Impacts of Brazil’s Tax Reform on the Personal Care, Perfumery, and Cosmetics Sector

September 29, 20253 min read

Brazil’s Complementary Law 214/2025 introduces two new taxes—the Tax on Goods and Services (IBS) and the Social Contribution on Goods and Services (CBS)—which will directly affect the taxation of personal care, perfumery, and cosmetics products.
The new system aims to simplify the tax burden, but costs may increase depending on the final rates and each company’s operational structure.

Key Changes in the Tax Structure

The law replaces federal taxes PIS, COFINS, and IPI with the CBS, and state/municipal taxes ICMS and ISS with the IBS.
Both CBS and IBS follow the principle of full non-cumulativity, allowing companies to offset tax credits along the production chain. This approach eliminates cascading taxation and helps reduce final product costs.

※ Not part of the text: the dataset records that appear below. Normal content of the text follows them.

(* Assume $\beta>0$, $\bar c>0$ and $0<\bar u<\bar c$, $\bar v\in\mathbb{R}$. Let $\Omega_1=(-\infty,0)\times\mathbb{R}$, $\Omega_2=(0,\infty)\times\mathbb{R}$, $\Gamma=\{x=0\}$, $\mathbf n_1=(1,0)$, $\mathbf n_2=(-1,0)$ the outward normals. Let $g$ be given and let $Q$ solve $\mathcal L\mathcal G Q=g$ in $\mathbb{R}^2$. Consider the following iteration. Choose initial values $Q^{1,0}$ on $\Omega_1$, $Q^{2,0}$ on $\Omega_2$ with $\mathcal G Q^{1,0}=\mathcal G Q^{2,0}$ on $\Gamma$; given $(Q^{1,k},Q^{2,k})$: (Correction step) with $\gamma^k=-\tfrac12\big[\mathcal A\nabla\mathcal G Q^{1,k}\cdot\mathbf n_1+\mathcal A\nabla\mathcal G Q^{2,k}\cdot\mathbf n_2\big]$ on $\Gamma$, solve $\mathcal L\mathcal G\tilde Q^{1,k}=0$ in $\Omega_1$, $(\mathcal A\nabla-\tfrac12\mathbf a)\mathcal G\tilde Q^{1,k}\cdot\mathbf n_1=\gamma^k$ on $\Gamma$; and $\mathcal L\mathcal G\tilde Q^{2,k}=0$ in $\Omega_2$, $(\mathcal A\nabla-\tfrac12\mathbf a)\mathcal G\tilde Q^{2,k}\cdot\mathbf n_2=\gamma^k$ and $\tilde Q^{2,k}=0$ on $\Gamma$. (Update step) with $\delta^k=\tfrac12\big[\mathcal G\tilde Q^{1,k}+\mathcal G\tilde Q^{2,k}\big]$ on $\Gamma$, solve $\mathcal L\mathcal G Q^{1,k+1}=g$ in $\Omega_1$, $\mathcal G Q^{1,k+1}=\mathcal G Q^{1,k}+\delta^k$ on $\Gamma$; and $\mathcal L\mathcal G Q^{2,k+1}=g$ in $\Omega_2$, $\mathcal G Q^{2,k+1}=\mathcal G Q^{2,k}+\delta^k$ and $Q^{2,k+1}=Q^{1,k}+\tilde Q^{1,k}$ on $\Gamma$. Then the algorithm converges in two iterations: $Q^{1,2}=Q|_{\Omega_1}$ and $Q^{2,2}=Q|_{\Omega_2}$.
   Context: $\mathcal G=\beta+\bar u\partial_x+\bar v\partial_y$ and $\mathcal L=\beta^2+2\bar u\bar v\partial_{xy}+2\beta(\bar u\partial_x+\bar v\partial_y)-(\bar c^2-\bar v^2)\partial_{yy}-(\bar c^2-\bar u^2)\partial_{xx}$, equivalently $\mathcal L=-\mathrm{div}(\mathcal A\nabla)+\mathbf a\cdot\nabla+\beta^2$ with $\mathcal A=\begin{pmatrix}\bar c^2-\bar u^2&-\bar u\bar v\\-\bar u\bar v&\bar c^2-\bar v^2\end{pmatrix}$ and $\mathbf a=2\beta(\bar u,\bar v)$. All problems (local and global) are understood in the Fourier sense in $y$: solutions are functions whose partial Fourier transform $\hat e(x,\xi)=\int_{\mathbb R}e(x,y)e^{-i\xi y}\,dy$ is, for each $\xi$, bounded in $x$ on the relevant domain (as $x\to-\infty$ in $\Omega_1$, as $x\to+\infty$ in $\Omega_2$). *)

From Stdlib Require Import Reals.
From Coquelicot Require Import Coquelicot.
Open Scope R_scope.

(* Fourier-sense representation: a function e(x,y) is represented by its
   partial Fourier transform in y, ehat : R -> R -> C, ehat xi x = \hat e(x,xi).
   Under this transform d/dy becomes multiplication by (i xi). *)

Definition dn (n : nat) (f : R -> C) (x : R) : C :=
  (Derive_n (fun t => Re (f t)) n x, Derive_n (fun t => Im (f t)) n x).

Definition C3 (f : R -> C) : Prop :=
  forall (x : R) (n : nat), (n <= 3)%nat ->
    ex_derive_n (fun t => Re (f t)) n x /\ ex_derive_n (fun t => Im (f t)) n x.

Definition bounded_on (D : R -> Prop) (f : R -> C) : Prop :=
  exists M : R, forall x, D x -> Cmod (f x) <= M.

Definition Omega1 (x : R) : Prop := x < 0.
Definition Omega2 (x : R) : Prop := 0 < x.

Definition iy (xi : R) : C := Cmult Ci (RtoC xi).

Section Ops.
Variables (beta cb ub vb : R).

(* G = beta + ub d/dx + vb d/dy, in Fourier variables *)
Definition Gop (xi : R) (f : R -> C) : R -> C := fun x =>
  Cplus (Cplus (Cmult (RtoC beta) (f x)) (Cmult (RtoC ub) (dn 1 f x)))
        (Cmult (RtoC vb) (Cmult (iy xi) (f x))).

(* L = beta^2 + 2 ub vb d_xy + 2 beta (ub d_x + vb d_y)
       - (cb^2 - vb^2) d_yy - (cb^2 - ub^2) d_xx, in Fourier variables *)
Definition Lop (xi : R) (w : R -> C) : R -> C := fun x =>
  Cplus (Cplus (Cplus (Cplus
    (Cmult (RtoC (beta ^ 2)) (w x))
    (Cmult (RtoC (2 * ub * vb)) (Cmult (iy xi) (dn 1 w x))))
    (Cmult (RtoC (2 * beta))
       (Cplus (Cmult (RtoC ub) (dn 1 w x)) (Cmult (RtoC vb) (Cmult (iy xi) (w x))))))
    (Copp (Cmult (RtoC (cb ^ 2 - vb ^ 2)) (Cmult (iy xi) (Cmult (iy xi) (w x))))))
    (Copp (Cmult (RtoC (cb ^ 2 - ub ^ 2)) (dn 2 w x))).

Definition LGop (xi : R) (f : R -> C) : R -> C := Lop xi (Gop xi f).

(* (A grad w) . n  with A = [[cb^2-ub^2, -ub vb], [-ub vb, cb^2-vb^2]],
   n = (nx, ny) *)
Definition Aflux (xi nx ny : R) (w : R -> C) (x : R) : C :=
  let wx := dn 1 w x in
  let wy := Cmult (iy xi) (w x) in
  Cplus
    (Cmult (RtoC nx) (Cplus (Cmult (RtoC (cb ^ 2 - ub ^ 2)) wx) (Cmult (RtoC (- (ub * vb))) wy)))
    (Cmult (RtoC ny) (Cplus (Cmult (RtoC (- (ub * vb))) wx) (Cmult (RtoC (cb ^ 2 - vb ^ 2)) wy))).

(* ((A grad - 1/2 a) w) . n  with a = 2 beta (ub, vb) *)
Definition Bflux (xi nx ny : R) (w : R -> C) (x : R) : C :=
  Cplus (Aflux xi nx ny w x)
        (Copp (Cmult (RtoC (/2 * (2 * beta * (ub * nx + vb * ny)))) (w x))).

End Ops.

From Stdlib Require Import Reals Lra Lia.
From Coquelicot Require Import Coquelicot.
Open Scope R_scope.

(* In Fourier variables [L G] is a third-order ODE in [x] with constant
   coefficients, [L G = - kappa ub (d/dx - lambda_p) (d/dx - lambda_m) (d/dx - lambda0)]
   with [Re lambda_p > 0 > Re lambda_m, Re lambda0] and [G = ub (d/dx - lambda0)].
   A bounded homogeneous solution [h] on [x < 0] is therefore a multiple of
   [e^{lambda_p x}], and one on [x > 0] is killed by [(d/dx - lambda_m) (d/dx - lambda0)];
   on [Gamma] this gives [(G h)' = lambda_p G h] on the left and
   [(G h)' = lambda_m G h] on the right.  Because
   [lambda_p + lambda_m = 2 ub (beta + i vb xi) / kappa],
   both Robin conditions of the correction step then read [alpha * G h(0)] with the same
   [alpha <> 0], so the corrections cancel exactly the common error [a] of [G Q^{i,1}]
   on [Gamma].  After the second update the errors [Q^{i,2} - Q] solve homogeneous
   problems with zero data ([G e = 0] on [Gamma], and [e = 0] there on the right), so
   they vanish. *)

(** * Complex-valued functions of a real variable *)

Definition is_cderive (f : R -> C) (x : R) (l : C) : Prop :=
  is_derive (fun t => Re (f t)) x (Re l) /\ is_derive (fun t => Im (f t)) x (Im l).

Definition ex_cderive (f : R -> C) (x : R) : Prop :=
  ex_derive (fun t => Re (f t)) x /\ ex_derive (fun t => Im (f t)) x.

Open Scope C_scope.

Lemma Cmult_eq_0_l (p d : C) : p * d = 0 -> d <> 0 -> p = 0.
Proof.
  intros H Hd; replace p with (p * d / d) by (field; exact Hd).
  rewrite H; field; exact Hd.
Qed.

Lemma Cminus_neq_0 (a b : C) : a <> b -> a - b <> 0.
Proof. intros H E; apply H; replace a with (a - b + b) by ring; rewrite E; ring. Qed.

Lemma Cmult_reg_l_neq_0 (c x y : C) : c <> 0 -> c * x = c * y -> x = y.
Proof.
  intros Hc E.
  assert (Z : (x - y) * c = 0) by (transitivity (c * x - c * y); [ring | rewrite E; ring]).
  apply Cmult_eq_0_l in Z; [| exact Hc].
  replace x with (x - y + y) by ring; rewrite Z; ring.
Qed.

Lemma is_cderive_ex f x l : is_cderive f x l -> ex_cderive f x.
Proof. intros [H1 H2]; split; eexists; eassumption. Qed.

Lemma ex_cderive_dn1 f x : ex_cderive f x -> is_cderive f x (dn 1 f x).
Proof. intros [H1 H2]; split; now apply Derive_correct. Qed.

Lemma is_cderive_dn1 f x l : is_cderive f x l -> dn 1 f x = l.
Proof.
  intros [H1 H2]; apply is_derive_unique in H1, H2.
  apply injective_projections; [exact H1 | exact H2].
Qed.

Lemma is_cderive_ext f g x l :
  (forall t, f t = g t) -> is_cderive f x l -> is_cderive g x l.
Proof.
  intros E [H1 H2]; split; eapply is_derive_ext; try eassumption;
    intros t; simpl; now rewrite E.
Qed.

Lemma dn_ext f g n x : (forall t, f t = g t) -> dn n f x = dn n g x.
Proof. intros E; unfold dn; f_equal; apply Derive_n_ext; intros t; now rewrite E. Qed.

Lemma ex_cderive_ext f g x : (forall t, f t = g t) -> ex_cderive f x -> ex_cderive g x.
Proof.
  intros E [H1 H2]; split.
  - apply (ex_derive_ext (fun t => Re (f t))); [intros t; now rewrite E | exact H1].
  - apply (ex_derive_ext (fun t => Im (f t))); [intros t; now rewrite E | exact H2].
Qed.

Lemma is_cderive_eq f x l l' : is_cderive f x l -> l = l' -> is_cderive f x l'.
Proof. now intros H <-. Qed.

Lemma is_cderive_const (a : C) x : is_cderive (fun _ => a) x 0.
Proof. split; apply (is_derive_const (K := R_AbsRing) (V := R_NormedModule)). Qed.

Lemma is_cderive_RtoC x : is_cderive RtoC x 1.
Proof.
  split; simpl; [apply (is_derive_id (K := R_AbsRing))
         | apply (is_derive_const (K := R_AbsRing) (V := R_NormedModule))].
Qed.

Lemma is_cderive_plus f g x lf lg :
  is_cderive f x lf -> is_cderive g x lg ->
  is_cderive (fun t => f t + g t) x (lf + lg).
Proof.
  intros [F1 F2] [G1 G2]; split.
  - exact (is_derive_plus (fun t => Re (f t)) (fun t => Re (g t)) _ _ _ F1 G1).
  - exact (is_derive_plus (fun t => Im (f t)) (fun t => Im (g t)) _ _ _ F2 G2).
Qed.

Lemma is_cderive_mult f g x lf lg :
  is_cderive f x lf -> is_cderive g x lg ->
  is_cderive (fun t => f t * g t) x (lf * g x + f x * lg).
Proof.
  intros [F1 F2] [G1 G2].
  assert (Mult : forall F G dF dG, is_derive F x dF -> is_derive G x dG ->
            is_derive (fun t => F t * G t)%R x (dF * G x + F x * dG)%R).
  { intros F G dF dG HF HG; apply (is_derive_mult F G); auto using Rmult_comm. }
  split.
  - replace (Re (lf * g x + f x * lg))
      with (Re lf * Re (g x) + Re (f x) * Re lg - (Im lf * Im (g x) + Im (f x) * Im lg))%R
      by (unfold Re, Im; simpl; ring).
    exact (is_derive_minus _ _ _ _ _ (Mult _ _ _ _ F1 G1) (Mult _ _ _ _ F2 G2)).
  - replace (Im (lf * g x + f x * lg))
      with (Re lf * Im (g x) + Re (f x) * Im lg + (Im lf * Re (g x) + Im (f x) * Re lg))%R
      by (unfold Re, Im; simpl; ring).
    eapply is_derive_ext;
      [| exact (is_derive_plus _ _ _ _ _ (Mult _ _ _ _ F1 G2) (Mult _ _ _ _ F2 G1))].
    intros t; reflexivity.
Qed.
(* An irreducible [q] shared by [a b] and [prod t1] is cancelled from both sides; since [a b] is
   not an associate of [q], the left-hand side keeps at least one factor beyond [s]. *)
Lemma shared_irreducible_size_bound (a b : R) (s t1 t2 : seq R) :
  a \isn't a GRing.unit -> b \isn't a GRing.unit -> a * b != 0 ->
  irreducible_seq s -> irreducible_seq t1 -> irreducible_seq t2 ->
  (size t1 < n)%N -> (size t1 + size t2 <= n)%N ->
  a * b * \prod_(y <- s) y = \prod_(y <- t1) y * \prod_(y <- t2) y ->
  has_common_nonunit (a * b) (\prod_(y <- t1) y) ->
  (size s + 2 <= size t1 + size t2)%N.
Proof.
move=> au bu ab0 Hs Ht1 Ht2 St1 St E Hcommon.
have [q Hq [[v Ev] [k Ek]]] :=
  common_irreducible_divisor Hat Hcommon (prod_irreducible_neq0 Ht1).
have [w [sk [wu Hsk Ek' Ssk]]] := divide_out_irreducible Ht1 St1 Hq Ek.
have v0 : v != 0 by apply: contraNneq ab0; rewrite Ev => ->; rewrite mul0r.
have vu : v \isn't a GRing.unit.
  apply/negP => vu; apply: (mul_nonunit_not_irreducible au bu).
  by rewrite Ev; apply: irreducible_unitMl.
have [sv [[Hsv Ev'] Ssv]] := factorization_nonunit Hat v0 vu.
have Ecancel : \prod_(y <- sv ++ s) y = w * \prod_(y <- sk ++ t2) y.
  apply: (mulIf (irreducible_neq0 Hq)).
  by rewrite !big_cat /= Ev' mulrAC -Ev E Ek Ek'; ring.
have := IH (proj2 (irreducible_seq_cat _ _) (conj Hsv Hs))
  (proj2 (irreducible_seq_cat _ _) (conj Hsk Ht2)) wu Ecancel.
rewrite !size_cat; lia.
Qed.

Lemma Z_property_size_le_step (s t : seq R) (u : R) :
  irreducible_seq s -> irreducible_seq t -> u \is a GRing.unit ->
  \prod_(y <- s) y = u * \prod_(y <- t) y -> size t = n -> (size s <= n)%N.
Proof.
move=> Hs Ht uu E St; rewrite leqNgt; apply/negP => Ssn.
case: t Ht E St => [_ | q t Ht E St].
  rewrite big_nil mulr1 => E; move: Ssn.
  by rewrite (prod_irreducible_unit Hs) ?E.
have [Hq Ht'] := iffLR (irreducible_seq_cons q t) Ht.
case: s Hs E Ssn => [|p1 [|p2 s]] Hs E Ssn; rewrite -?St //= in Ssn.
have [Hp1 /irreducible_seq_cons [Hp2 Hs']] := iffLR (irreducible_seq_cons _ _) Hs.
rewrite !big_cons !mulrA in E.
have p1u := irreducible_nonunit Hp1; have p2u := irreducible_nonunit Hp2.
case: t Ht Ht' E St Ssn => [_ _ | q' t' Ht Ht' E St Ssn].
  rewrite big_nil mulr1 -mulrA => E _ _.
  have p2su : p2 * \prod_(y <- s) y \isn't a GRing.unit by rewrite unitrM (negbTE p2u).
  apply: (mul_nonunit_not_irreducible p1u p2su).
  by rewrite E; apply: irreducible_unitMl.
set t := q' :: t' in Ht Ht' E St Ssn.
have s0 : s != [::] by case: (s) Ssn; rewrite /= -?St.
have Hc : nonzero_nonunit (\prod_(y <- s) y).
  split; first exact: prod_irreducible_neq0.
  by apply: contra s0 => /(prod_irreducible_unit Hs') ->.
have p10 := irreducible_neq0 Hp1; have p20 := irreducible_neq0 Hp2.
have [t1 [t2 [Hperm St1t Hcommon]]] :=
  Z_property_split (conj p10 p1u) (conj p20 p2u) Hc (irreducible_unitMl uu Hq) Ht' isT E.
have [Ht1 Ht2] : irreducible_seq t1 /\ irreducible_seq t2.
  apply/irreducible_seq_cat; apply: irreducible_seq_perm Hperm _.
  exact/irreducible_seq_cons/(conj (irreducible_unitMl uu Hq)).
have E12 : p1 * p2 * \prod_(y <- s) y = \prod_(y <- t1) y * \prod_(y <- t2) y.
  by rewrite E -big_cat -(perm_big _ Hperm) [RHS]big_cons.
have S12 := perm_size Hperm; rewrite size_cat /= in S12 St.
have St1n : (size t1 < n)%N by rewrite -St ltnS.
have S12n : (size t1 + size t2 <= n)%N by rewrite -S12 St.
have := shared_irreducible_size_bound p1u p2u (mulf_neq0 p10 p20) Hs' Ht1 Ht2 St1n S12n E12.
by move=> /(_ Hcommon); rewrite /= in Ssn; lia.
Qed.

End SizeBound.

Lemma Z_property_size_le (n : nat) (s t : seq R) (u : R) :
  irreducible_seq s -> irreducible_seq t -> u \is a GRing.unit ->
  \prod_(y <- s) y = u * \prod_(y <- t) y -> (size t < n)%N -> (size s <= size t)%N.
Proof.
elim: n s t u => [// | n IH] s t u Hs Ht uu E; rewrite ltnS leq_eqVlt.
case/orP => [/eqP St | St]; last exact: IH E St.
by rewrite St; apply: (Z_property_size_le_step IH Hs Ht uu E).
Qed.

Lemma Z_property_half_factorial : half_factorial R.
Proof.
split=> // x _ _ s t [Hs Es] [Ht Et].
have Est : \prod_(y <- s) y = 1 * \prod_(y <- t) y by rewrite mul1r Es Et.
have Ets : \prod_(y <- t) y = 1 * \prod_(y <- s) y by rewrite mul1r Es Et.
apply/eqP; rewrite eqn_leq.
by rewrite (Z_property_size_le Hs Ht (unitr1 R) Est (ltnSn _))
           (Z_property_size_le Ht Hs (unitr1 R) Ets (ltnSn _)).
Qed.

End ZPropertyHalfFactorial.

Theorem mainTheorem2 (R : idomainType) :
  atomic R -> integrally_closed R -> condition_C R ->
  (half_factorial R <-> Z_property R).
Proof.
move=> Hat _ HC; split; first exact: half_factorial_Z_property.
exact: Z_property_half_factorial.
Qed.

A major shift for the sector is the elimination of the single-phase PIS/COFINS regime and ICMS substitution (ICMS ST), which previously concentrated taxation at the industry or importer level.
Under the new model, CBS and IBS will apply at all stages of the supply chain.

Strategic Implications for Businesses

With taxation no longer concentrated in industrial entities, companies may find it more advantageous to consolidate import, manufacturing, and distribution activities within a single entity.
This can simplify logistics and reduce the number of taxable events, since fewer establishments mean fewer CBS and IBS triggers.

Reduced Rates for Basic Hygiene Products

The law provides a 60% reduction in CBS and IBS rates for hygiene and cleaning products primarily consumed by low-income households.
Qualifying items include bar and toilet soaps, toothpaste, toothbrushes, toilet paper, bleach, diapers, and similar products (as defined in Annex VIII).
Cosmetics, however, are not eligible and will remain subject to regular CBS and IBS rates.

End of Tax Incentives

The reform also establishes the gradual elimination of tax benefits, with few exceptions.
For the cosmetics industry, ICMS incentives will be phased out during the transition period as the IBS is implemented and its rate gradually increases.
This change will require companies to review their operational locations and logistics strategies, prioritizing efficiency over tax advantages.

From 2029 to 2032, state tax incentives will lose relevance, making structures based solely on tax benefits less attractive.

Handling of Existing Tax Credits

  • PIS and COFINS credits: Balances recorded before their elimination in 2027 remain valid for five years and may be offset against CBS liabilities or, if in excess, refunded or used against other federal taxes.

  • IPI credits: The law does not allow IPI credits to offset CBS or IBS debts, making it advisable to fully utilize these credits before CBS takes effect.

  • ICMS credits: Balances not used by December 2032, once approved by the states, may be applied to offset IBS liabilities.

Transition Timeline

  • CBS begins January 1, 2027

  • IBS begins January 1, 2029
    The full transition will continue until 2033, during which old and new taxes will coexist and rates will gradually adjust.

IPI and the Manaus Free Trade Zone

The IPI will not be entirely eliminated.
Most products will have their IPI rate reduced to zero as of January 2027, but certain items produced in the Manaus Free Trade Zone (ZFM) will maintain their IPI rates if they receive incentives.
Products such as perfumery and cosmetic preparations (NCM 3303 to 3307) may qualify for presumed IBS and CBS credits when produced in the ZFM.

Selective Tax (IS)

At present, there is no forecast for a Selective Tax (IS) on personal care, perfumery, and cosmetics products, but companies should monitor potential updates.


Conclusion
The 2025 tax reform presents both opportunities and challenges for the personal care, perfumery, and cosmetics sector.
While it promises a simpler and more transparent system, companies must carefully plan for higher operational efficiency, reevaluate supply chains, and proactively manage tax credits to remain competitive in this evolving landscape.